>>>
(* For every positive integer $n$, $$(\sigma\ast\delta)(n)=\tfrac12\,(\mathbf 1\ast \tau\delta)(n),$$ where $\tau\delta$ is the pointwise product.
   Context: The arithmetic derivative $\delta$ is defined by $\delta(p)=1$ for every prime $p$ and $\delta(mn)=m\delta(n)+n\delta(m)$ for all positive integers $m,n$; equivalently $\delta(1)=0$ and $\delta(n)=n\sum_{p^\alpha\| n}\alpha/p$. $\mathbf 1(n)=1$ for all $n$, $\sigma(n)$ is the sum of the positive divisors of $n$, $\tau(n)$ is the number of positive divisors of $n$. The Dirichlet convolution is $(u\ast v)(n)=\sum_{d\mid n}u(d)v(n/d)$. *)

From mathcomp Require Import all_boot all_order all_algebra.
Set Implicit Arguments. Unset Strict Implicit. Unset Printing Implicit Defensive.

(* Arithmetic derivative: delta(n) = n * sum_{p^a || n} a/p, delta(1) = 0.
   Written without division as sum_{p | n prime} logn p n * (n / p). *)
Definition arith_deriv (n : nat) : nat :=
  \sum_(p <- primes n) logn p n * (n %/ p).

Definition sigma (n : nat) : nat := \sum_(d <- divisors n) d.
Definition tau (n : nat) : nat := size (divisors n).

Definition dconv (u v : nat -> rat) (n : nat) : rat :=
  (\sum_(d <- divisors n) u d * v (n %/ d)%N)%R.

Definition one_fn : nat -> rat := fun _ => 1%R.

From mathcomp Require Import all_boot all_order all_algebra.
Set Implicit Arguments. Unset Strict Implicit. Unset Printing Implicit Defensive.
Import GRing.Theory Num.Theory.
Local Open Scope ring_scope.

(* Write [L n = delta(n)/n = sum_{p^a || n} a/p] for the
   logarithmic derivative; it is additive, [L (a b) = L a + L b].
   1. For [m > 0], [(id * delta)(m) = sum_{e | m} e (m/e) L(m/e)
      = m sum_{d | m} L d], and pairing [d] with [m/d] gives
      [2 sum_{d | m} L d = sum_{d | m} L m = tau(m) L m]; hence
      [(id * delta)(m) = tau(m) delta(m) / 2].
   2. [sigma = 1 * id], and Dirichlet convolution is associative, so
      [sigma * delta = 1 * (id * delta) = 1/2 (1 * tau delta)]. *)

Lemma divisor_compl_gt0 (n d : nat) : (0 < n)%N -> (d %| n)%N -> (0 < n %/ d)%N.
Proof. by move=> n_gt0 dn; rewrite divn_gt0 ?(dvdn_gt0 n_gt0 dn) // dvdn_leq. Qed.

Section DivisorSums.

Variables (V : nmodType) (n : nat).
Hypothesis n_gt0 : (0 < n)%N.

Lemma divnK_divisor {d : nat} : (d %| n)%N -> (n %/ (n %/ d))%N = d.
Proof. by move=> dn; rewrite divnA // mulKn. Qed.

Lemma sum_divisors_compl (F : nat -> V) :
  \sum_(d <- divisors n) F (n %/ d)%N = \sum_(d <- divisors n) F d.
Proof.
rewrite -(big_map (fun d => n %/ d)%N xpredT); apply: perm_big; apply: uniq_perm.
- rewrite map_inj_in_uniq ?divisors_uniq // => x y.
  rewrite -!dvdn_divisors // => xn yn nx_ny.
  by rewrite -(divnK_divisor xn) nx_ny divnK_divisor.
- exact: divisors_uniq.
move=> d; apply/mapP/idP => [[e] | ].
  by rewrite -!dvdn_divisors // => /dvdn_div en ->.
rewrite -dvdn_divisors // => dn; exists (n %/ d)%N; last by rewrite divnK_divisor.
by rewrite -dvdn_divisors // dvdn_div.
Qed.

Lemma sum_divisors_of_divisor (d : nat) (F : nat -> V) : (d %| n)%N ->
  \sum_(e <- divisors d) F e = \sum_(e <- divisors n | (e %| d)%N) F e.
Proof.
move=> dn; have d_gt0 : (0 < d)%N := dvdn_gt0 n_gt0 dn.
rewrite -[RHS]big_filter; apply: perm_big; apply: uniq_perm.
- exact: divisors_uniq.
- by rewrite filter_uniq ?divisors_uniq.
move=> e; rewrite mem_filter -!dvdn_divisors //.
by apply/idP/andP => [ed | [] //]; split=> //; apply: dvdn_trans dn.
Qed.

Lemma sum_multiples_in_divisors (e : nat) (F : nat -> V) : (e %| n)%N ->
  \sum_(d <- divisors n | (e %| d)%N) F d = \sum_(k <- divisors (n %/ e)) F (e * k)%N.
Proof.
move=> en; have e_gt0 : (0 < e)%N := dvdn_gt0 n_gt0 en.
have ne_gt0 : (0 < n %/ e)%N := divisor_compl_gt0 n_gt0 en.
rewrite -big_filter -(big_map (muln e) xpredT); apply: perm_big; apply: uniq_perm.
- by rewrite filter_uniq ?divisors_uniq.
- by rewrite map_inj_uniq ?divisors_uniq //; move=> x y /(congr1 (divn^~ e)) /=; rewrite !mulKn.
move=> d; rewrite mem_filter -dvdn_divisors //; apply/andP/mapP => [[ed dn] | [k]].
  exists (d %/ e)%N; last by rewrite mulnC divnK.
  by rewrite -dvdn_divisors // dvdn_divRL // divnK.
by rewrite -dvdn_divisors // dvdn_divRL // => kn ->; rewrite dvdn_mulr // mulnC.
Qed.

Lemma sum_divisors_exchange (F : nat -> nat -> V) :
  \sum_(d <- divisors n) \sum_(e <- divisors d) F e d
  = \sum_(e <- divisors n) \sum_(k <- divisors (n %/ e)) F e (e * k)%N.
Proof.
rewrite big_seq; under eq_bigr => d.
  by rewrite -dvdn_divisors // => dn; rewrite sum_divisors_of_divisor //; over.
rewrite -big_seq (exchange_big_dep xpredT) //= big_seq [RHS]big_seq.
by apply: eq_bigr => e; rewrite -dvdn_divisors // => en; rewrite sum_multiples_in_divisors.
Qed.

End DivisorSums.

Lemma eq_dconv (u u' v v' : nat -> rat) (n : nat) : (0 < n)%N ->
  (forall m, (0 < m)%N -> u m = u' m) -> (forall m, (0 < m)%N -> v m = v' m) ->
  dconv u v n = dconv u' v' n.
Proof.
move=> n_gt0 eq_u eq_v; apply: eq_big_seq => d; rewrite -dvdn_divisors // => dn.
have d_gt0 : (0 < d)%N := dvdn_gt0 n_gt0 dn.
by rewrite eq_u // eq_v // divisor_compl_gt0.
Qed.

Lemma dconvA (u v w : nat -> rat) (n : nat) : (0 < n)%N ->
  dconv (dconv u v) w n = dconv u (dconv v w) n.
Proof.
move=> n_gt0; rewrite /dconv.
under eq_bigr do rewrite mulr_suml.
rewrite sum_divisors_exchange //; apply: eq_big_seq => e.
rewrite -dvdn_divisors // => en; have e_gt0 : (0 < e)%N := dvdn_gt0 n_gt0 en.
by rewrite mulr_sumr; apply: eq_bigr => k _; rewrite mulKn // divnMA mulrA.
Qed.

Lemma dconvZr (u v : nat -> rat) (c : rat) (n : nat) :
  dconv u (fun m => c * v m) n = c * dconv u v n.
Proof. by rewrite /dconv mulr_sumr; apply: eq_bigr => d _; rewrite mulrCA. Qed.

Lemma sigma_dconv (m : nat) : (0 < m)%N ->
  (sigma m)%:R = dconv one_fn (fun d => d%:R) m.
Proof.
move=> m_gt0; rewrite /sigma natr_sum /dconv /one_fn.
under [RHS]eq_bigr do rewrite mul1r.
by rewrite (sum_divisors_compl m_gt0 (fun d => d%:R)).
Qed.

Definition log_deriv (n : nat) : rat := \sum_(p <- primes n) (logn p n)%:R / p%:R.

(* [L a] may be computed over any duplicate-free list containing the primes
   of [a], since the other terms vanish. *)
Lemma log_deriv_over (a : nat) (s : seq nat) : uniq s -> {subset primes a <= s} ->
  \sum_(p <- s) (logn p a)%:R / p%:R = log_deriv a.
Proof.
move=> s_uniq primes_in_s; apply: perm_big_supp; apply: uniq_perm.
- by rewrite filter_uniq.
- by rewrite filter_uniq ?primes_uniq.
move=> p; rewrite !mem_filter; case: eqP => //= /eqP term_ne0.
have : (0 < logn p a)%N by rewrite lt0n; apply: contraNneq term_ne0 => ->; rewrite mul0r.
by rewrite logn_gt0 => p_in_a; rewrite p_in_a primes_in_s.
Qed.

Lemma log_derivM (a b : nat) : (0 < a)%N -> (0 < b)%N ->
  log_deriv (a * b) = log_deriv a + log_deriv b.
Proof.
move=> a_gt0 b_gt0; rewrite {1}/log_deriv.
under eq_bigr => p _ do rewrite lognM // natrD mulrDl.
rewrite big_split /= !log_deriv_over ?primes_uniq // => p p_in.
all: by rewrite primesM // p_in ?orbT.
Qed.

Lemma arith_derivE (n : nat) : (0 < n)%N -> (arith_deriv n)%:R = n%:R * log_deriv n.
Proof.
move=> n_gt0; rewrite /arith_deriv /log_deriv natr_sum mulr_sumr.
apply: eq_big_seq => p; rewrite mem_primes => /and3P[p_prime _ pn].
rewrite natrM natr_div // ?unitfE ?pnatr_eq0 -?lt0n ?prime_gt0 //.
by rewrite mulrCA mulrA.
Qed.

(* Pairing [d] with [m/d]: [2 sum_{d | m} L d = tau(m) L m]. *)
Lemma sum_log_deriv_divisors (m : nat) : (0 < m)%N ->
  2 * \sum_(d <- divisors m) log_deriv d = (tau m)%:R * log_deriv m.
Proof.
move=> m_gt0.
have pair_compl : \sum_(d <- divisors m) (log_deriv d + log_deriv (m %/ d)%N)
                  = \sum_(d <- divisors m) log_deriv m.
  apply: eq_big_seq => d; rewrite -dvdn_divisors // => dm.
  have d_gt0 : (0 < d)%N := dvdn_gt0 m_gt0 dm.
  by rewrite -log_derivM ?divisor_compl_gt0 // mulnC divnK.
rewrite big_split /= sum_divisors_compl // in pair_compl.
rewrite mulr_natl mulr2n pair_compl big_const_seq count_predT iter_addr_0.
by rewrite mulr_natl.
Qed.

Lemma dconv_id_arith_deriv (m : nat) : (0 < m)%N ->
  dconv (fun d => d%:R) (fun d => (arith_deriv d)%:R) m
  = 2^-1 * (tau m * arith_deriv m)%:R.
Proof.
move=> m_gt0.
have -> : dconv (fun d => d%:R) (fun d => (arith_deriv d)%:R) m
          = m%:R * \sum_(d <- divisors m) log_deriv d.
  rewrite -(sum_divisors_compl m_gt0 log_deriv) mulr_sumr.
  apply: eq_big_seq => e; rewrite -dvdn_divisors // => em.
  rewrite arith_derivE ?divisor_compl_gt0 // mulrA -natrM.
  by rewrite mulnC divnK.
rewrite natrM arith_derivE // [X in _ = _ * X]mulrCA -sum_log_deriv_divisors //.
by rewrite mulrCA mulKf ?pnatr_eq0.
Qed.

Theorem mainTheorem7 (n : nat) : (0 < n)%N ->
  dconv (fun m => (sigma m)%:R) (fun m => (arith_deriv m)%:R) n
  = 2^-1 * dconv one_fn (fun m => (tau m * arith_deriv m)%:R) n.
Proof.
move=> n_gt0.
rewrite (eq_dconv (u' := dconv one_fn (fun d => d%:R))
                  (v' := fun m => (arith_deriv m)%:R) n_gt0 sigma_dconv) //.
rewrite dconvA // -dconvZr.
exact: eq_dconv n_gt0 _ dconv_id_arith_deriv.
Qed.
<<<
Work request: All that is wanted is an exact copy of the lines above from the one with "move=> dn; have" through the one with "under eq_bigr do rewrite mulr_suml.", with both ends included.

Answer:
move=> dn; have d_gt0 : (0 < d)%N := dvdn_gt0 n_gt0 dn.
rewrite -[RHS]big_filter; apply: perm_big; apply: uniq_perm.
- exact: divisors_uniq.
- by rewrite filter_uniq ?divisors_uniq.
move=> e; rewrite mem_filter -!dvdn_divisors //.
by apply/idP/andP => [ed | [] //]; split=> //; apply: dvdn_trans dn.
Qed.

Lemma sum_multiples_in_divisors (e : nat) (F : nat -> V) : (e %| n)%N ->
  \sum_(d <- divisors n | (e %| d)%N) F d = \sum_(k <- divisors (n %/ e)) F (e * k)%N.
Proof.
move=> en; have e_gt0 : (0 < e)%N := dvdn_gt0 n_gt0 en.
have ne_gt0 : (0 < n %/ e)%N := divisor_compl_gt0 n_gt0 en.
rewrite -big_filter -(big_map (muln e) xpredT); apply: perm_big; apply: uniq_perm.
- by rewrite filter_uniq ?divisors_uniq.
- by rewrite map_inj_uniq ?divisors_uniq //; move=> x y /(congr1 (divn^~ e)) /=; rewrite !mulKn.
move=> d; rewrite mem_filter -dvdn_divisors //; apply/andP/mapP => [[ed dn] | [k]].
  exists (d %/ e)%N; last by rewrite mulnC divnK.
  by rewrite -dvdn_divisors // dvdn_divRL // divnK.
by rewrite -dvdn_divisors // dvdn_divRL // => kn ->; rewrite dvdn_mulr // mulnC.
Qed.

Lemma sum_divisors_exchange (F : nat -> nat -> V) :
  \sum_(d <- divisors n) \sum_(e <- divisors d) F e d
  = \sum_(e <- divisors n) \sum_(k <- divisors (n %/ e)) F e (e * k)%N.
Proof.
rewrite big_seq; under eq_bigr => d.
  by rewrite -dvdn_divisors // => dn; rewrite sum_divisors_of_divisor //; over.
rewrite -big_seq (exchange_big_dep xpredT) //= big_seq [RHS]big_seq.
by apply: eq_bigr => e; rewrite -dvdn_divisors // => en; rewrite sum_multiples_in_divisors.
Qed.

End DivisorSums.

Lemma eq_dconv (u u' v v' : nat -> rat) (n : nat) : (0 < n)%N ->
  (forall m, (0 < m)%N -> u m = u' m) -> (forall m, (0 < m)%N -> v m = v' m) ->
  dconv u v n = dconv u' v' n.
Proof.
move=> n_gt0 eq_u eq_v; apply: eq_big_seq => d; rewrite -dvdn_divisors // => dn.
have d_gt0 : (0 < d)%N := dvdn_gt0 n_gt0 dn.
by rewrite eq_u // eq_v // divisor_compl_gt0.
Qed.

Lemma dconvA (u v w : nat -> rat) (n : nat) : (0 < n)%N ->
  dconv (dconv u v) w n = dconv u (dconv v w) n.
Proof.
move=> n_gt0; rewrite /dconv.
under eq_bigr do rewrite mulr_suml.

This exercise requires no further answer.